* Required work: Your reply should contain only the line with "by apply/funext =>" and the lines after it through the end of the data, each written out exactly.

Saved data entries:
☆ ☆ ☆ ☆ ☆

(* Let $h$ and $k$ be relatively prime odd integers with $k>0$. Then $$B_{1}(h,k)=-10h\,s(h,k)+4h\,s(2h,k)+4h\,s(h,2k)+\frac{1}{2k}-\frac{1}{2}.$$
   Context: $[x]$ denotes the greatest integer $\le x$, and $((x))=x-[x]-\tfrac12$ if $x\notin\mathbb{Z}$, $((x))=0$ if $x\in\mathbb{Z}$. For integers $a,b$ with $b>0$: the Dedekind sum is $s(a,b)=\sum_{j=1}^{b-1}\left(\left(\frac{aj}{b}\right)\right)\left(\left(\frac{j}{b}\right)\right)$, and (for $\gcd(a,b)=1$) $$B_{1}(a,b)=\sum_{j=1}^{b-1}(-1)^{j+\left[\frac{aj}{b}\right]}\left[\frac{aj}{b}\right].$$ *)

From mathcomp Require Import all_boot all_order all_algebra.
Set Implicit Arguments. Unset Strict Implicit. Unset Printing Implicit Defensive.
Import Order.TTheory GRing.Theory Num.Theory.
Local Open Scope ring_scope.

Definition sawtooth (x : rat) : rat :=
  if x \is a Num.int then 0 else x - (Num.floor x)%:~R - 1 / 2.

Definition dedekind_sum (a b : int) : rat :=
  \sum_(1 <= j < `|b|%N)
     sawtooth ((a * j%:Z)%:~R / b%:~R) * sawtooth ((j%:Z)%:~R / b%:~R).

Definition B1 (a b : int) : rat :=
  \sum_(1 <= j < `|b|%N)
     let f := Num.floor ((a * j%:Z)%:~R / b%:~R : rat) in
     (-1) ^ (j%:Z + f) * f%:~R.

(* Write [h j = q j * k + r j] with [0 < r j < k].  As [j] runs over [1, k), so
   does [r j], and every summand of [B1 h k], [s(h,k)], [s(2h,k)] and [s(h,2k)] is
   an explicit rational expression in [j], [r j], the indicator [k < 2 r j]
   (which decides the residue of [2 h j] modulo [k]) and the parity of [q j]
   (which decides whether the residue of [h j] modulo [2k] is [r j] or [r j + k]).
   Summing, the cross term [sum j * r j] cancels from the combination
   [-10 s(h,k) + 4 s(2h,k) + 4 s(h,2k)], and what is left is a linear relation
   between weighted counts.  That relation follows from reindexing by the two
   symmetries of the residues: [j |-> k - j] (which sends [r j] to [k - r j]) and
   [j |-> 2 j mod k] (which doubles [r j] modulo [k]). *)

From mathcomp Require Import all_boot all_order all_algebra.
From mathcomp Require Import zify ring lra.
Set Implicit Arguments. Unset Strict Implicit. Unset Printing Implicit Defensive.
Import Order.TTheory GRing.Theory Num.Theory.
(* Let $\mathbb{S}=[S_m,S_M]$ with $S_m<S_M$, and let $h$ be a continuously differentiable, monotonically non-decreasing link function (defined on an open interval containing all points at which it is evaluated below) whose range over $\mathbb{S}$ is the compact interval $[h(S_m),h(S_M)]$, with $h(S_M)>h(S_m)$. Fix $w_u$ in the interior of $\mathbb{S}$, a bias $d\in\mathbb{R}$ and a width $\tau>0$, let $\mathbb{S}_u=[w_u-\tau/2,\,w_u+\tau/2]\subset\mathbb{S}$, and let the observed score be $z(w)=w+I_u(w)\,d$, where $I_u(w)=1$ if $w\in\mathbb{S}_u$ and $I_u(w)=0$ otherwise, with $w$ uniformly distributed on $\mathbb{S}$. Suppose the model predicts $\hat z=w+\hat\delta$, where the constant offset $\hat\delta=\hat\delta(\tau,d)$ is optimal for the expected matching loss, i.e. it satisfies $$\int_{S_m}^{S_M}\big[h(w+\hat\delta)-h(z(w))\big]\,dw=0 .$$ Define $\Delta_{\mathrm{BUST}}(w_u)=\lim_{\tau\to0}\frac{1}{\tau}(\hat z-w)=\lim_{\tau\to 0}\hat\delta/\tau$ and $\Delta_{\mathrm{BLUST}}(w_u)=\lim_{\tau\to0,\,d\to0}\frac{1}{d\tau}(\hat z-w)$. Then $$\Delta_{\mathrm{BUST}}(w_u)=\frac{h(w_u+d)-h(w_u)}{h(S_M)-h(S_m)},\qquad \Delta_{\mathrm{BLUST}}(w_u)=\frac{h'(w_u)}{h(S_M)-h(S_m)}.$$
   Context: A link function $h$ with primitive $H$ (so $H'=h$) defines the scalar matching loss $\mathcal{L}_m(\hat s,s)=H(\hat s)-H(s)-(\hat s-s)h(s)=\int_s^{\hat s}[h(z)-h(s)]\,dz$, whose gradient in $\hat s$ is $h(\hat s)-h(s)$. Links are taken monotonically non-decreasing, so the loss is convex in $\hat s$. In the bias-underspecification model, the model has no feature distinguishing $\mathbb{S}_u$ from the rest of $\mathbb{S}$, so it can only predict the collective score shifted by a single constant offset $\hat\delta$, chosen so that the expected gradient of the matching loss (over $w\sim U(\mathbb{S})$) vanishes. *)

From HB Require Import structures.
From mathcomp Require Import all_boot all_order all_algebra.
From mathcomp Require Import all_classical all_reals all_analysis.
Set Implicit Arguments. Unset Strict Implicit. Unset Printing Implicit Defensive.
Import Order.TTheory GRing.Theory Num.Theory.
Import numFieldNormedType.Exports.
Local Open Scope classical_set_scope.
Local Open Scope ring_scope.

Section Defs.
Variable R : realType.

Definition Iu (wu tau w : R) : R :=
  if (wu - tau / 2 <= w <= wu + tau / 2) then 1 else 0.

Definition zobs (wu tau d w : R) : R := w + Iu wu tau w * d.

Definition offset_opt (h : R -> R) (Sm SM wu tau d delta : R) : Prop :=
  (\int[lebesgue_measure]_(w in `[Sm, SM]) (h (w + delta) - h (zobs wu tau d w))%:E
     = 0)%E.

(* all points at which h is evaluated in the optimality equation lie in the
   open interval ]a, b[ on which h is defined (C^1 and non-decreasing) *)
Definition evaluated_in (a b Sm SM wu tau d delta : R) : Prop :=
  forall w, Sm <= w <= SM ->
    (a < w + delta < b) /\ (a < zobs wu tau d w < b).

End Defs.

From HB Require Import structures.
From mathcomp Require Import all_boot all_order all_algebra.
From mathcomp Require Import all_classical all_reals all_analysis.
From mathcomp Require Import ring lra.
Import Order.TTheory GRing.Theory Num.Theory.
Import numFieldNormedType.Exports.
Set Implicit Arguments.
Unset Strict Implicit.
Unset Printing Implicit Defensive.
Local Open Scope classical_set_scope.
Local Open Scope ring_scope.

(* Let G(delta) = int_[Sm, SM] (h(w + delta) - h(w)) dw.  The optimality equation says
   G(delta) = int_[S_u] (h(w + d) - h(w)) dw = tau (h(xi + d) - h(xi)) for some xi in S_u
   (mean value theorem for integrals).  G is non-decreasing since h is, and, being a
   difference of shifted primitives of h, satisfies G(e)/e -> h(SM) - h(Sm) > 0 as e -> 0.
   So G(delta) -> 0 forces delta -> 0, and then delta/s has the limit of
   (G(delta)/s) / (h(SM) - h(Sm)) for any normalisation s.  For s = tau,
   G(delta)/tau = h(xi + d) - h(xi) -> h(wu + d) - h(wu); for s = d tau, the mean value
   theorem for h gives G(delta)/(d tau) = h'(c) with |c - wu| <= tau + |d|, and h' is
   continuous at wu. *)

Section real_analysis.
Context {R : realType}.
Notation mu := (@lebesgue_measure R).
Implicit Types (f F : R -> R) (l r x : R).

Lemma derivable_continuous f x : derivable f x 1 -> {for x, continuous f}.
Proof. by move/derivable1_diffP/differentiable_continuous. Qed.

Lemma is_derive_derive1 f x : derivable f x 1 -> is_derive x 1 f (derive1 f x).
Proof. by move=> df; rewrite derive1E; exact: derivableP. Qed.

Lemma is_derive_quotient_cvg F x (dF : R) : is_derive x 1 F dF ->
  (fun e => (F (x + e) - F x) / e) @ 0^' --> dF.
Proof.
move=> Fx; have /cvg_ex[l Fl] : derivable F x 1 by exact: ex_derive.
have <- : derive F x 1 = dF by exact: derive_val.
rewrite /derive (cvg_lim _ Fl) //.
suff -> : (fun e => (F (x + e) - F x) / e) =
    (fun e => e^-1 *: ((F \o shift x) (e *: 1) - F x)) by exact: Fl.
by apply/funext => e; rewrite /= /shift /= scaler1 [x + e]addrC; exact: mulrC.
Qed.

☆ ☆ ☆ ☆ ☆

* Exercise answer:
by apply/funext => e; rewrite /= /shift /= scaler1 [x + e]addrC; exact: mulrC.
Qed.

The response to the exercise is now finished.